Background: Helicobacter pylori infection potently induces methylation of CpG islands in gastric mucosae, which is considered to decrease to a certain level after active H. pylori infection discontinues. Noncancerous gastric mucosae of H. pylori-negative cases with a gastric cancer had higher methylation levels than those of H. pylori-negative healthy individuals. Here, using cases with multiple gastric cancers, we analyzed whether the higher methylation levels correlated with the higher risk of gastric cancers.

Methods: Twenty-six healthy volunteers (HV), 30 cases with a single well-differentiated gastric cancer (S cases), and 32 cases with multiple well-differentiated gastric cancers (M cases) were recruited. H. pylori infection status was analyzed by the culture method. Methylation levels were quantified by real-time methylation-specific PCR of seven CpG islands.

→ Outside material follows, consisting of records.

(* Let $\mathfrak{n}$ be the real $7$-dimensional Lie algebra with basis $e_1,\dots,e_7$ whose nonzero brackets (up to antisymmetry) are $[e_1,e_2]=e_4$, $[e_1,e_4]=e_5$, $[e_1,e_5]=e_7$, $[e_2,e_3]=e_6+e_7$, $[e_2,e_4]=e_6$. Then $\mathfrak{n}$ is an Einstein nilradical.
   Context: A real nilpotent Lie algebra $\mathfrak{n}$ is called an Einstein nilradical if it admits an inner product such that the left-invariant Riemannian metric it defines on the simply connected nilpotent Lie group with Lie algebra $\mathfrak{n}$ is a nilsoliton, i.e. its Ricci operator satisfies $\mathrm{Ric}=c\,\mathrm{Id}+D$ for some $c\in\mathbb{R}$ and some derivation $D$ of $\mathfrak{n}$. Brackets of basis elements not listed are zero. *)

From HB Require Import structures.
From mathcomp Require Import all_boot all_order all_algebra.
From mathcomp Require Import reals.
Set Implicit Arguments. Unset Strict Implicit. Unset Printing Implicit Defensive.
Import Order.TTheory GRing.Theory Num.Theory.
Local Open Scope ring_scope.

Section MetricLie.
Variables (R : realType) (n : nat).

(* Vectors of the n-dimensional Lie algebra are row vectors of coordinates
   w.r.t. the fixed basis e_0, ..., e_(n-1). *)
Definition lbr (C : 'I_n -> 'I_n -> 'rV[R]_n) (x y : 'rV[R]_n) : 'rV[R]_n :=
  \sum_(i < n) \sum_(j < n) (x 0 i * y 0 j) *: C i j.

Definition ip (G : 'M[R]_n) (x y : 'rV[R]_n) : R := (x *m G *m y^T) 0 0.

Definition is_inner_product (G : 'M[R]_n) : Prop :=
  G^T = G /\ forall x : 'rV[R]_n, x != 0 -> 0 < ip G x x.

Definition orthonormal_basis (G : 'M[R]_n) (X : 'I_n -> 'rV[R]_n) : Prop :=
  forall i j, ip G (X i) (X j) = (i == j)%:R.

(* Ricci form of the left-invariant metric on a nilpotent Lie group, computed
   in an orthonormal basis X (standard formula, e.g. Lauret):
   ric(x,y) = -1/2 sum_{i,j} <[x,X_i],X_j><[y,X_i],X_j>
              + 1/4 sum_{i,j} <[X_i,X_j],x><[X_i,X_j],y>. *)
Definition ric_form C G (X : 'I_n -> 'rV[R]_n) (x y : 'rV[R]_n) : R :=
  - (1/2) * \sum_(i < n) \sum_(j < n)
        ip G (lbr C x (X i)) (X j) * ip G (lbr C y (X i)) (X j)
  + (1/4) * \sum_(i < n) \sum_(j < n)
        ip G (lbr C (X i) (X j)) x * ip G (lbr C (X i) (X j)) y.

(* Ricci operator: the G-symmetric operator with <Ric x, y> = ric(x,y). *)
Definition ricci_op C G (X : 'I_n -> 'rV[R]_n) (x : 'rV[R]_n) : 'rV[R]_n :=
  \sum_(k < n) ric_form C G X x (X k) *: X k.

Definition is_derivation C (D : 'M[R]_n) : Prop :=
  forall x y, lbr C x y *m D = lbr C (x *m D) y + lbr C x (y *m D).

Definition nilsoliton C G : Prop :=
  exists X : 'I_n -> 'rV[R]_n, orthonormal_basis G X /\
  exists (c : R) (D : 'M[R]_n), is_derivation C D /\
    forall x, ricci_op C G X x = c *: x + x *m D.

Definition Einstein_nilradical C : Prop :=
  exists G : 'M[R]_n, is_inner_product G /\ nilsoliton C G.

End MetricLie.

(* The 7-dimensional example; e k is e_(k+1) of the paper (0-indexed). *)
Definition e7 (R : realType) (k : nat) : 'rV[R]_7 := delta_mx 0 (inord k).

Definition C7 (R : realType) (i j : 'I_7) : 'rV[R]_7 :=
  match nat_of_ord i, nat_of_ord j with
  | 0, 1 => e7 R 3
  | 1, 0 => - e7 R 3
  | 0, 3 => e7 R 4
  | 3, 0 => - e7 R 4
  | 0, 4 => e7 R 6
  | 4, 0 => - e7 R 6
  | 1, 2 => e7 R 5 + e7 R 6
  | 2, 1 => - (e7 R 5 + e7 R 6)
  | 1, 3 => e7 R 5
  | 3, 1 => - e7 R 5
  | _, _ => 0
  end.

(* The nilsoliton metric is diagonal in the adapted basis
   f = (e1, e2, e3 - 2/5 e4, e4, e5, e6 + 3/4 e7, e7), with squared norms
   (3, 9, 3/5, 15/11, 3/11, 13/22, 8/121).  In an orthogonal frame the Ricci form
   is an explicit quadratic expression in the structure constants ([frame_ric]),
   and here it is diagonal: Ric f_i = (c + λ w_i) f_i with c = -89/594,
   λ = 23/594 and w = (1,2,3,3,4,5,5).  The brackets are homogeneous for the
   grading w (deg [e_i,e_j] = w_i + w_j) and every f_i is homogeneous of degree
   w_i, so D = λ diag(w) is a derivation and Ric = c Id + D. *)

From HB Require Import structures.
From mathcomp Require Import all_boot all_order all_algebra.
From mathcomp Require Import reals.
From mathcomp Require Import ring lra.

Set Implicit Arguments. Unset Strict Implicit. Unset Printing Implicit Defensive.
Import Order.TTheory GRing.Theory Num.Theory.
Local Open Scope ring_scope.

Section BracketAndRicci.
Variables (R : realType) (n : nat).
Implicit Types (C : 'I_n -> 'I_n -> 'rV[R]_n) (G : 'M[R]_n) (x y z : 'rV[R]_n).

Lemma lbrDl C x y z : lbr C (x + y) z = lbr C x z + lbr C y z.
Proof.
rewrite /lbr -big_split; apply: eq_bigr => i _.
rewrite -big_split; apply: eq_bigr => j _.
by rewrite !mxE mulrDl scalerDl.
Qed.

Results: In H. pylori-negative individuals, significant increasing trends were present in the order of HV, S cases, and M cases for FLNc and HAND1 methylation levels (P < 0.01, Spearman's rank-order test). Furthermore, the FLNc methylation level of M cases was significantly higher than that of S cases (P < 0.01, t test). Even adjusted by the extent of gastric atrophy, the FLNc methylation level retained a significant increasing trend (P = 0.03). In contrast, methylation levels in H. pylori-positive individuals were increased to various degrees in all the three groups.

Conclusions: In H. pylori-negative individuals, methylation levels in gastric mucosae significantly increased in cases with a single gastric cancer and more in cases with multiple gastric cancers. Quantitative analysis of methylation levels is a promising risk marker for gastric cancers.